* **Directions**: Copy the lines below verbatim. Begin with the first and end with the line containing "msort c_le_polar (X ++ extra).".

* **Dataset**:
────

Definition c_dot (p x : pt) : M R := tick (dotp p x).
Definition c_ccw (p q : pt) : M R := tick (ccw p q).
Definition c_xstar (p q : pt) : M pt := tick (xstar p q).
Definition c_eq (p q : pt) : M bool := tick (p == q).
Definition c_le_polar (p q : pt) : M bool := tick (polar p <= polar q).
Definition c_mem (p : pt) (s : seq pt) : M bool := mexists (c_eq p) s.

Definition step1 (P X : seq pt) (eps : R) : M (seq pt) :=
  Xs <- msort c_le_polar X ;;
  _ <- pay (size Xs) ;;
  let pairs := zip Xs (rot 1 Xs) in
  xs <- mmap (fun pr => c_xstar pr.1 pr.2) pairs ;;
  _ <- pay (size Xs) ;;
  let txs := zip Xs xs in
  extra <- mfilter (fun p =>
      inX <- c_mem p X ;;
      if inX then ret false else
      mexists (fun tx =>
         a <- c_dot p tx.2 ;; b <- c_dot tx.1 tx.2 ;;
         tick ((1 - eps) * b <= a)) txs) P ;;
  _ <- pay (size X + size extra) ;;
  msort c_le_polar (X ++ extra).

Definition c_edge (X : seq pt) (eps : R) (i : nat) (si : pt) (j : nat) (sj : pt)
  : M bool :=
  if i == j then tick false else
  a <- c_ccw si sj ;;
  if pi <= a then tick false else
  x <- c_xstar si sj ;;
  l <- mfoldl (fun acc t =>
         b <- c_ccw si t ;;
         if a < b then tick acc else
         u <- c_dot si x ;; v <- c_dot t x ;;
         tick (Num.max acc (1 - u / v))) 0 X ;;
  tick (l <= eps).

(* adjacency matrix as an array of rows *)
Definition step2 (X : seq pt) (eps : R) (S : seq pt) : M (seq (seq bool)) :=
  let k := size S in
  _ <- pay k ;;
  let IS := zip (iota 0 k) S in
  mmap (fun a => mmap (fun b => c_edge X eps a.1 a.2 b.1 b.2) IS) IS.

End Geometry.

Definition aget {A} (d : A) (a : seq A) (i : nat) : M A := tick (nth d a i).
Definition aset {A} (d : A) (a : seq A) (i : nat) (v : A) : M (seq A) :=
  tick (set_nth d a i v).
Definition adj_get (G : seq (seq bool)) (u v : nat) : M bool :=
  tick (nth false (nth [::] G u) v).

Record dstate := DState { dist : seq nat; pred : seq nat; vis : seq bool }.

(* one round of (array-based) Dijkstra with unit edge weights on k vertices;
   inf := k.+1 represents infinity *)
Definition dijkstra_round (G : seq (seq bool)) (k : nat) (st : dstate)
  : M (option dstate) :=
  let inf := k.+1 in
  best <- mfoldl (fun (acc : option nat) i =>
            di <- aget inf (dist st) i ;; vi <- aget true (vis st) i ;;
            if vi || (inf <= di) then tick acc else
            match acc with
            | None => tick (Some i)
            | Some j => dj <- aget inf (dist st) j ;;
                        tick (if di < dj then Some i else Some j)
            end) None (iota 0 k) ;;
  match best with
  | None => ret None
  | Some u =>
    du <- aget inf (dist st) u ;;
    vis' <- aset false (vis st) u true ;;
    st' <- mfoldl (fun (s : dstate) v =>
             e <- adj_get G u v ;; vv <- aget true (vis s) v ;;
             dv <- aget inf (dist s) v ;;
             if e && ~~ vv && (du.+1 < dv) then
               d' <- aset inf (dist s) v du.+1 ;; p' <- aset 0 (pred s) v u ;;
               ret (DState d' p' (vis s))
             else tick s) (DState (dist st) (pred st) vis') (iota 0 k) ;;
    ret (Some st')
  end.

Fixpoint dijkstra_loop (G : seq (seq bool)) (k fuel : nat) (st : dstate) : M dstate :=
  match fuel with
  | 0 => ret st
  | f.+1 => o <- dijkstra_round G k st ;;
            match o with None => ret st | Some st' => dijkstra_loop G k f st' end
  end.

Definition dijkstra (G : seq (seq bool)) (k s : nat) : M dstate :=
  _ <- pay (3 * k) ;;
  let st0 := DState (set_nth k.+1 (nseq k k.+1) s 0) (nseq k 0) (nseq k false) in
  dijkstra_loop G k k st0.

(* follow predecessors from u back to s (at most k steps): path s ... u *)
Fixpoint back_path (pr : seq nat) (s u fuel : nat) : M (seq nat) :=
  match fuel with
  | 0 => ret [:: u]
  | f.+1 => if u == s then tick [:: u] else
            p <- aget 0 pr u ;; r <- back_path pr s p f ;; ret (rcons r u)
  end.

(* shortest directed cycle through s: (length, vertex indices), if any *)
Definition cycle_through (G : seq (seq bool)) (k s : nat) : M (option (nat * seq nat)) :=
  st <- dijkstra G k s ;;
  best <- mfoldl (fun (acc : option (nat * nat)) u =>
            e <- adj_get G u s ;; du <- aget k.+1 (dist st) u ;;
            if e && (du <= k) then
              tick (match acc with
                    | Some (l, w) => if du.+1 < l then Some (du.+1, u) else Some (l, w)
                    | None => Some (du.+1, u) end)
            else tick acc) None (iota 0 k) ;;
  match best with
  | None => ret None
  | Some (l, u) => p <- back_path (pred st) s u k ;; ret (Some (l, p))
  end.

Definition step3 {T} (d : T) (S : seq T) (G : seq (seq bool)) : M (seq T) :=
  let k := size S in
  best <- mfoldl (fun (acc : option (nat * seq nat)) s =>
            c <- cycle_through G k s ;;
            tick (match acc, c with
                  | Some (l, p), Some (l', p') => if l' < l then Some (l', p') else Some (l, p)
                  | None, c => c
                  | a, None => a end)) None (iota 0 k) ;;
  match best with
  | None => ret [::]
  | Some (_, p) => _ <- pay (size p) ;; ret [seq nth d S i | i <- p]
  end.

Definition EGRMR {R : realType} (P X : seq (pt R)) (eps : R) : M (seq (pt R)) :=
  S <- step1 P X eps ;;
  G <- step2 X eps S ;;
  step3 (0, 0)%R S G.

From Pilot Require Import Defs.
From mathcomp Require Import all_boot all_order all_algebra.
From mathcomp Require Import reals.
From mathcomp Require Import zify.
Import Order.TTheory GRing.Theory Num.Theory.

Set Implicit Arguments.
Unset Strict Implicit.
Unset Printing Implicit Defensive.

(* Every loop of E-GRMR ranges over P, over the extreme points X (a subset of
   P), or over the candidate set S, and |S| <= |X| + |P| <= 2n.  Step (1)
   costs O(n^2): two insertion sorts and, for each point of P, a scan of X
   and of the |X| hull edges.  Step (2) decides each of the |S|^2 candidate
   edges by one scan of X.  Step (3) runs |S| array-based Dijkstra searches,
   each of at most |S| rounds of O(|S|) work.  The standing condition forces
   P to be nonempty, so the lower-order terms are absorbed into n^3. *)

Lemma cost_bind A B (m : M A) (f : A -> M B) :
  cost (bind m f) = cost m + cost (f (result m)).
Proof. by case: m => a c; rewrite /bind /=; case: (f a). Qed.

Lemma result_bind A B (m : M A) (f : A -> M B) :
  result (bind m f) = result (f (result m)).
Proof. by case: m => a c; rewrite /bind /=; case: (f a). Qed.

Lemma cost_tick A (a : A) : cost (tick a) = 1. Proof. by []. Qed.
Lemma result_tick A (a : A) : result (tick a) = a. Proof. by []. Qed.
Lemma cost_ret A (a : A) : cost (ret a) = 0. Proof. by []. Qed.
Lemma result_ret A (a : A) : result (ret a) = a. Proof. by []. Qed.
Lemma cost_pay n : cost (pay n) = n. Proof. by []. Qed.

Definition costE := (cost_bind, result_bind, cost_tick, result_tick,
  cost_ret, result_ret, cost_pay).

Lemma cost_mmap A B (f : A -> M B) c s :
  (forall x, cost (f x) <= c) -> cost (mmap f s) <= size s * c.
Proof.
move=> fc; elim: s => [|x s IHs] //=.
by rewrite !costE addn0 mulSn leq_add.
Qed.

Lemma size_mmap A B (f : A -> M B) s : size (result (mmap f s)) = size s.
Proof. by elim: s => [|x s IHs] //=; rewrite !costE /= IHs. Qed.

Lemma mfoldl_invariant A B (I : B -> Prop) (f : B -> A -> M B) c s b :
  (forall b x, I b -> I (result (f b x)) /\ cost (f b x) <= c) -> I b ->
  I (result (mfoldl f b s)) /\ cost (mfoldl f b s) <= size s * c.
Proof.
move=> fI; elim: s b => [|x s IHs] b Ib //=.
have [Ib' cf] := fI b x Ib; have [Is cs] := IHs _ Ib'.
by rewrite !costE mulSn leq_add.
Qed.

Lemma cost_mfoldl A B (f : B -> A -> M B) c s b :
  (forall b x, cost (f b x) <= c) -> cost (mfoldl f b s) <= size s * c.
Proof. by move=> fc; case: (@mfoldl_invariant _ _ (fun=> True) f c s b). Qed.

Lemma cost_mexists A (f : A -> M bool) c s :
  (forall x, cost (f x) <= c) -> cost (mexists f s) <= size s * c.+1.
Proof. by move=> fc; apply: cost_mfoldl => b x; rewrite !costE addn1 ltnS. Qed.

Lemma cost_mfilter A (f : A -> M bool) c s :
  (forall x, cost (f x) <= c) -> cost (mfilter f s) <= size s * c.+1.
Proof. by move=> fc; rewrite !costE addn0 mulnS addnC leq_add2l cost_mmap. Qed.

Lemma size_mfilter A (f : A -> M bool) s : size (result (mfilter f s)) <= size s.
Proof.
rewrite !costE size_map size_filter.
by apply: leq_trans (count_size _ _) _; rewrite size_zip geq_minl.
Qed.

Section InsertionSort.
Variables (A : Type) (le : A -> A -> M bool).

Lemma size_minsert x s : size (result (minsert le x s)) = (size s).+1.
Proof.
elim: s => [|y s IHs] //=; rewrite !costE.
by case: (result (le x y)); rewrite //= !costE /= IHs.
Qed.

Lemma size_msort s : size (result (msort le s)) = size s.
Proof. by elim: s => [|y s IHs] //=; rewrite !costE size_minsert IHs. Qed.

Hypothesis le_cost1 : forall a b, cost (le a b) <= 1.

────

* **Result of the task**:
Definition c_dot (p x : pt) : M R := tick (dotp p x).
Definition c_ccw (p q : pt) : M R := tick (ccw p q).
Definition c_xstar (p q : pt) : M pt := tick (xstar p q).
Definition c_eq (p q : pt) : M bool := tick (p == q).
Definition c_le_polar (p q : pt) : M bool := tick (polar p <= polar q).
Definition c_mem (p : pt) (s : seq pt) : M bool := mexists (c_eq p) s.

Definition step1 (P X : seq pt) (eps : R) : M (seq pt) :=
  Xs <- msort c_le_polar X ;;
  _ <- pay (size Xs) ;;
  let pairs := zip Xs (rot 1 Xs) in
  xs <- mmap (fun pr => c_xstar pr.1 pr.2) pairs ;;
  _ <- pay (size Xs) ;;
  let txs := zip Xs xs in
  extra <- mfilter (fun p =>
      inX <- c_mem p X ;;
      if inX then ret false else
      mexists (fun tx =>
         a <- c_dot p tx.2 ;; b <- c_dot tx.1 tx.2 ;;
         tick ((1 - eps) * b <= a)) txs) P ;;
  _ <- pay (size X + size extra) ;;
  msort c_le_polar (X ++ extra).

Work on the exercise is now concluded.